Неожиданно в разгар застолья у девушек
возник жгучий интерес к персоне Бориса Палия. Поистине, женщина –
вечная тайна, непредсказуемая, не знаешь – как, чем вызвать
ее интерес. Боре в тот вечер это удалось с лихвой.
На столах, по нашим меркам, имелось все, чего только душа пожелает.
Мама Славика, конечно, расстаралась, но и наши девушки вместе
с хозяйкой дома тоже много чего напекли, нажарили, натушили. Отсутствием
аппетита не страдал никто, кроме обиженного Славика. Несмотря
на горящие глаза и накалявшиеся страсти, все вокруг уплетали
за обе щеки, но девушкам, даже на этом активном фоне, бросился
в глаза аппетит нашего друга Бори. Девушки затеяли азартную игру,
соперничество – они любезно, с улыбкой стали наперебой
обращаться к нему: «Боря, Боренька, пожалуйста, съешь это, попробуй то,
это я пекла», – и протягивали то аппетитное ребрышко,
то куриную ножку, то грудку гуся или утки.

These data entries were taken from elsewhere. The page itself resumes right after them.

(* Let $T$ be a rooted binary phylogenetic tree with root of out-degree 2 and leaf set $X$, $|X|\ge3$, under the $N_2$ model. Let $y,z$ be a cherry with parent $w$, $p_y,p_z$ the substitution probabilities of $(w,y),(w,z)$, $\theta=(1-p_y)(1-p_z)+p_yp_z$ and $\pi=p_yp_z/\theta$. Then $$RA_\varphi(T)=\theta\cdot RA_\varphi(T'_\pi)+(1-\theta)\cdot RA_\varphi(T'_{0.5}).$$
   Context: A rooted binary phylogenetic tree is a finite tree with a distinguished root vertex $\rho$, all edges directed away from $\rho$, in which $\rho$ has out-degree 2 (or 1), and every other vertex has in-degree 1 and out-degree 0 or 2; out-degree-0 vertices are leaves. Under the Neyman 2-state model $N_2$, each edge $e$ carries a substitution probability $p_e\in[0,\frac12]$; given the root state, states propagate independently along edges, each edge $(u,v)$ changing state with probability $p_e$; $f$ is the restriction of the states to the leaves. The coin-toss method $\varphi$: leaves get their states $f(x)$; proceeding towards the root, a vertex whose two children have equal states gets that state, otherwise one of the two states chosen by an independent fair coin toss; a vertex with a single child gets its child's state. $RA_\varphi(T)$ is the probability that the state assigned to the root equals the true root state. Vertices of in- and out-degree 1 may be suppressed (merging consecutive edges with substitution probabilities $a,b$ into one with probability $a+b-2ab$). For $q\in[0,\frac12]$, $T'_q$ is obtained from $T$ by deleting the leaves $y,z$ and their incident edges, attaching a new leaf $w'$ to $w$ via an edge with substitution probability $q$, and suppressing $w$; in particular $T'_{0.5}$ is $T'_q$ with $q=\frac12$. *)

From Stdlib Require Import Reals List Bool.
Import ListNotations.
Open Scope R_scope.

(* Rooted binary trees whose every vertex has out-degree 0 (leaf) or 2.
   Each child edge carries its substitution probability:
   [Node p1 t1 p2 t2] has edges with probabilities p1 (to t1) and p2 (to t2).
   Leaves are identified by their left-to-right position. *)
Inductive tree : Type :=
| Leaf : tree
| Node : R -> tree -> R -> tree -> tree.

Fixpoint nleaves (t : tree) : nat :=
  match t with
  | Leaf => 1%nat
  | Node _ a _ b => (nleaves a + nleaves b)%nat
  end.

Fixpoint valid (t : tree) : Prop :=
  match t with
  | Leaf => True
  | Node p1 a p2 b => 0 <= p1 <= 1/2 /\ 0 <= p2 <= 1/2 /\ valid a /\ valid b
  end.

Fixpoint all_chars (n : nat) : list (list bool) :=
  match n with
  | O => [[]]
  | S m => map (cons false) (all_chars m) ++ map (cons true) (all_chars m)
  end.

Definition sumR {A : Type} (g : A -> R) (l : list A) : R :=
  fold_right (fun x acc => g x + acc) 0 l.

Definition trans (p : R) (a b : bool) : R := if Bool.eqb a b then 1 - p else p.

(* lik t s f : probability under N2 that the leaves of t (left to right)
   show the character f, given state s at the root of t. *)
Fixpoint lik (t : tree) (s : bool) (f : list bool) : R :=
  match t with
  | Leaf => match f with [x] => if Bool.eqb x s then 1 else 0 | _ => 0 end
  | Node p1 a p2 b =>
      let f1 := firstn (nleaves a) f in
      let f2 := skipn (nleaves a) f in
      sumR (fun s1 => trans p1 s s1 * lik a s1 f1) [false; true] *
      sumR (fun s2 => trans p2 s s2 * lik b s2 f2) [false; true]
  end.

(* coin t f a : probability that the coin-toss method assigns state a to the
   root of t, given leaf character f (coin tosses fair and independent). *)
Fixpoint coin (t : tree) (f : list bool) (a : bool) : R :=
  match t with
  | Leaf => match f with [x] => if Bool.eqb x a then 1 else 0 | _ => 0 end
  | Node _ l _ r =>
      let f1 := firstn (nleaves l) f in
      let f2 := skipn (nleaves l) f in
      coin l f1 a * coin r f2 a
      + / 2 * (coin l f1 a * coin r f2 (negb a) + coin l f1 (negb a) * coin r f2 a)
  end.

(* RA_phi(T): probability that the reconstructed root state equals the true
   root state, the true root state being uniform on {0,1}. *)
Definition RA (t : tree) : R :=
  / 2 * sumR (fun a => sumR (fun f => lik t a f * coin t f a) (all_chars (nleaves t)))
             [false; true].

(* One-hole contexts: locate a subtree (here the cherry below w). *)
Inductive ctx : Type :=
| Hole : ctx
| CL : R -> ctx -> R -> tree -> ctx
| CR : R -> tree -> R -> ctx -> ctx.

Fixpoint plug (c : ctx) (t : tree) : tree :=
  match c with
  | Hole => t
  | CL p1 c' p2 b => Node p1 (plug c' t) p2 b
  | CR p1 a p2 c' => Node p1 a p2 (plug c' t)
  end.

Definition is_hole (c : ctx) : bool := match c with Hole => true | _ => false end.

Fixpoint plug_mod (c : ctx) (g : R -> R) (t : tree) : tree :=
  match c with
  | Hole => t
  | CL p1 c' p2 b => Node (if is_hole c' then g p1 else p1) (plug_mod c' g t) p2 b
  | CR p1 a p2 c' => Node p1 a (if is_hole c' then g p2 else p2) (plug_mod c' g t)
  end.

(* substitution probability of two merged consecutive edges *)
Definition merge (a b : R) : R := a + b - 2 * a * b.

(* T'_q for T = plug c (cherry y z below w): y, z deleted, a new leaf w'
   attached to w by an edge with probability q, then w suppressed. *)
Definition Tprime (c : ctx) (q : R) : tree := plug_mod c (fun pw => merge pw q) Leaf.

(** The coin-toss reconstruction at the parent [w] of the cherry only sees
    whether the two leaves agree.  Conditioned on the state at [w], they agree
    with probability [theta], and then behave like a single leaf hanging from
    [w] by an edge of substitution probability [pi]; otherwise the coin toss
    makes [w] uniformly random, exactly as a leaf hanging by an edge of
    probability [1/2].  So the joint law of (true state, reconstructed state)
    of the cherry is the [theta]-mixture of those of [T'_pi] and [T'_0.5] at
    [w], and this mixture propagates to the root because, away from the
    cherry, the coin-toss recursion is linear in the contribution of each
    subtree. *)
From Stdlib Require Import Reals Lra Lia List.
Import ListNotations.
Open Scope R_scope.

Lemma sumR_app {A : Type} (g : A -> R) (l1 l2 : list A) :
  sumR g (l1 ++ l2) = sumR g l1 + sumR g l2.
Proof. induction l1; simpl; [ring | rewrite IHl1; ring]. Qed.

Lemma sumR_map {A B : Type} (g : B -> R) (h : A -> B) (l : list A) :
  sumR g (map h l) = sumR (fun x => g (h x)) l.
Proof. induction l; simpl; [ring | rewrite IHl; ring]. Qed.

Lemma sumR_all_chars_add (n m : nat) (g : list bool -> R)
    (G : list bool -> list bool -> R) :
  (forall f, g f = G (firstn n f) (skipn n f)) ->
  sumR g (all_chars (n + m))
  = sumR (fun f1 => sumR (fun f2 => G f1 f2) (all_chars m)) (all_chars n).
Proof.
  revert g G; induction n as [|n IH]; intros g G Hg.
  - simpl; rewrite Rplus_0_r.
    induction (all_chars m) as [|f l IHl]; simpl; [ring | now rewrite Hg, IHl].
  - simpl; rewrite !sumR_app, !sumR_map; f_equal.
    + apply (IH _ (fun f1 f2 => G (false :: f1) f2)); intros; apply Hg.
    + apply (IH _ (fun f1 f2 => G (true :: f1) f2)); intros; apply Hg.
Qed.

Lemma sumR_bool_exchange {A : Type} (w : bool -> R) (g : bool -> A -> R)
    (h : A -> R) (l : list A) :
  sumR (fun x => sumR (fun s => w s * g s x) [false; true] * h x) l
  = sumR (fun s => w s * sumR (fun x => g s x * h x) l) [false; true].
Proof. induction l; simpl in *; [ring | rewrite IHl; ring]. Qed.

Definition coin_step (u v : bool -> R) (a : bool) : R :=
  u a * v a + / 2 * (u a * v (negb a) + u (negb a) * v a).

Lemma sumR_coin_step_r {A : Type} (c : R) (u : bool -> R) (B : A -> R)
    (y : A -> bool -> R) (a : bool) (l : list A) :
  sumR (fun x => c * B x * coin_step u (y x) a) l
  = c * coin_step u (fun b => sumR (fun x => B x * y x b) l) a.
Proof. unfold coin_step; induction l; simpl; [ring | rewrite IHl; ring]. Qed.

Lemma sumR_coin_step {A C : Type} (P : A -> R) (Q : C -> R)
    (x : A -> bool -> R) (y : C -> bool -> R) (a : bool) (l1 : list A) (l2 : list C) :
  sumR (fun i => sumR (fun j => P i * Q j * coin_step (x i) (y j) a) l2) l1
  = coin_step (fun b => sumR (fun i => P i * x i b) l1)
              (fun b => sumR (fun j => Q j * y j b) l2) a.
Proof.
  induction l1 as [|i l1 IH]; simpl.
  - unfold coin_step; simpl; ring.
  - rewrite sumR_coin_step_r, IH; unfold coin_step; simpl; ring.
Qed.

Definition joint (t : tree) (s a : bool) : R :=
  sumR (fun f => lik t s f * coin t f a) (all_chars (nleaves t)).

Definition edge_joint (p : R) (t : tree) (s a : bool) : R :=
  sumR (fun s1 => trans p s s1 * joint t s1 a) [false; true].

Lemma RA_joint (t : tree) : RA t = / 2 * (joint t false false + joint t true true).
Proof. unfold RA, joint; simpl; ring. Qed.

Lemma joint_Node (p1 p2 : R) (l r : tree) (s a : bool) :
  joint (Node p1 l p2 r) s a = coin_step (edge_joint p1 l s) (edge_joint p2 r s) a.
Proof.
  unfold joint at 1; cbn [nleaves lik].
  rewrite (sumR_all_chars_add _ _ _ (fun f1 f2 =>
    sumR (fun s1 => trans p1 s s1 * lik l s1 f1) [false; true]
    * sumR (fun s2 => trans p2 s s2 * lik r s2 f2) [false; true]
    * coin_step (coin l f1) (coin r f2) a)) by reflexivity.
  rewrite sumR_coin_step.
  unfold coin_step, edge_joint, joint; rewrite !sumR_bool_exchange; reflexivity.
Qed.

Lemma edge_joint_bool (p : R) (t : tree) (s a : bool) :
  edge_joint p t s a = trans p s false * joint t false a + trans p s true * joint t true a.
Proof. unfold edge_joint; simpl; ring. Qed.

Lemma edge_joint_Leaf (p : R) (s a : bool) : edge_joint p Leaf s a = trans p s a.
Proof. unfold edge_joint, joint, trans; destruct s, a; simpl; ring. Qed.

Lemma trans_merge (p q : R) (s a : bool) :
  sumR (fun s1 => trans p s s1 * trans q s1 a) [false; true] = trans (merge p q) s a.
Proof. unfold trans, merge; destruct s, a; simpl; ring. Qed.

Definition cherry_agree (py pz : R) : R := (1 - py) * (1 - pz) + py * pz.

Lemma joint_cherry (py pz : R) (s a : bool) :
  cherry_agree py pz <> 0 ->
  joint (Node py Leaf pz Leaf) s a
  = cherry_agree py pz * trans (py * pz / cherry_agree py pz) s a
    + (1 - cherry_agree py pz) * trans (1/2) s a.
Proof.
  intro Hagree; rewrite joint_Node; unfold coin_step; rewrite !edge_joint_Leaf.
  unfold cherry_agree in *; unfold trans; destruct s, a; simpl; field; exact Hagree.
Qed.

Lemma edge_joint_cherry (py pz : R) :
  cherry_agree py pz <> 0 ->
  forall p s a, edge_joint p (Node py Leaf pz Leaf) s a
  = cherry_agree py pz * edge_joint (merge p (py * pz / cherry_agree py pz)) Leaf s a
    + (1 - cherry_agree py pz) * edge_joint (merge p (1/2)) Leaf s a.
Proof.
  intros Hagree p s a; rewrite !edge_joint_Leaf, <- !trans_merge, edge_joint_bool.
  rewrite !joint_cherry by exact Hagree; simpl; ring.
Qed.

(* For [c = Hole] there is no edge entering the hole for [g1], [g2], [g3] to act on. *)
Lemma joint_plug_mod_linear (c : ctx) (g1 g2 g3 : R -> R) (t1 t2 t3 : tree) (alpha beta : R) :
  is_hole c = false ->
  (forall p s a, edge_joint (g1 p) t1 s a
                 = alpha * edge_joint (g2 p) t2 s a + beta * edge_joint (g3 p) t3 s a) ->
  forall s a, joint (plug_mod c g1 t1) s a
              = alpha * joint (plug_mod c g2 t2) s a + beta * joint (plug_mod c g3 t3) s a.
Proof.
  intros Hc Hedge.
  induction c as [|p1 c IH p2 b|p1 b p2 c IH]; [discriminate| |]; intros s a;
    cbn [plug_mod]; rewrite !joint_Node; unfold coin_step;
    destruct c; cbn [is_hole].
  all: try (cbn [plug_mod]; rewrite !Hedge; ring).
  all: rewrite !edge_joint_bool, !IH by reflexivity; ring.
Qed.

Lemma plug_as_plug_mod (c : ctx) (t : tree) : plug c t = plug_mod c (fun p => p) t.
Proof.
  induction c as [|p1 c IH p2 b|p1 b p2 c IH]; simpl; rewrite ?IH;
    try destruct (is_hole c); reflexivity.
Qed.

Lemma valid_plug (c : ctx) (t : tree) : valid (plug c t) -> valid t.
Proof. induction c; simpl; tauto. Qed.

Theorem theorem4 (c : ctx) (py pz : R) :
  valid (plug c (Node py Leaf pz Leaf)) ->
  (3 <= nleaves (plug c (Node py Leaf pz Leaf)))%nat ->
  let theta := (1 - py) * (1 - pz) + py * pz in
  let pi := py * pz / theta in
  RA (plug c (Node py Leaf pz Leaf))
  = theta * RA (Tprime c pi) + (1 - theta) * RA (Tprime c (1/2)).
Proof.
  intros Hvalid Hleaves theta pi.
  destruct (valid_plug _ _ Hvalid) as [Hpy [Hpz _]].
  assert (Hagree : cherry_agree py pz <> 0) by (unfold cherry_agree; nra).
  assert (Hc : is_hole c = false) by (destruct c; [simpl in Hleaves; lia | reflexivity ..]).
  unfold Tprime; rewrite plug_as_plug_mod, !RA_joint.
  rewrite !(joint_plug_mod_linear c _ _ _ _ _ _ theta (1 - theta) Hc
              (edge_joint_cherry py pz Hagree)).
  unfold pi, theta, cherry_agree; ring.
Qed.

Кто-то подкладывал ему, глядя ласково в глаза, блинчики,
фаршированные мясом, кто-то подсовывал домашние соленья для аппетита,
иная спешила подлить рюмочку, не дожидаясь очередного тоста. Короче,
сияющий Боря затмил всех, оказался в центре внимания.
Вуккерт, знавший аппетиты Палия,
даже ехидно заметил: «Не думал, что порок так легко возводится
в добродетель», – но его никто не слышал.
Спас ситуацию Рашат Гайфулин.
Он вынес на большом блюде из вокзального ресторана, откуда была
и большая часть посуды, плов, посыпанный рубиновыми зернышками граната. Рашат чуть ли не силой вернул девушек
на свои места, приговаривая при этом: «Плов ждать не любит, плов
едят горячим, баранина быстро остывает». Чего-чего, а плова,
да такого аппетитного, никто не ожидал, для каждого Рашат припас по замечательной косточке. В комнате
запахло восточными приправами, в рисе мелькали какие-то черные
зернышки, и Рашат небрежно давал
пояснения – это барбарис, это зра, это дашнабадские гранаты, и мы вмиг перенеслись
на Восток. Я тут же включил на всю мощность соответствующее
моменту популярное в ту пору «Арабское танго» знаменитого Батыра Закирова. Забегая вперед, скажу: я не предполагал
в ту минуту, что лет через семь-восемь мне доведется общаться
с Батыром Закировым накоротке, а позже наши
сыновья будут учиться в одном классе.
Так закончилась получасовая слава Палия,
и виной тому – плов. Это был звездный час Бориса, его окружал
такой гарем! Всю жизнь, попадая на богатые застолья, я мысленно
говорил себе: вот сюда бы Борю! Особенно часто я стал повторять эту
фразу, когда открылись границы, и на морских курортах Испании,
Италии, Греции, в Китае и на Лазурном берегу, где я отдыхал
с супругой, нам предлагались щедрые, порою фантастические шведские столы.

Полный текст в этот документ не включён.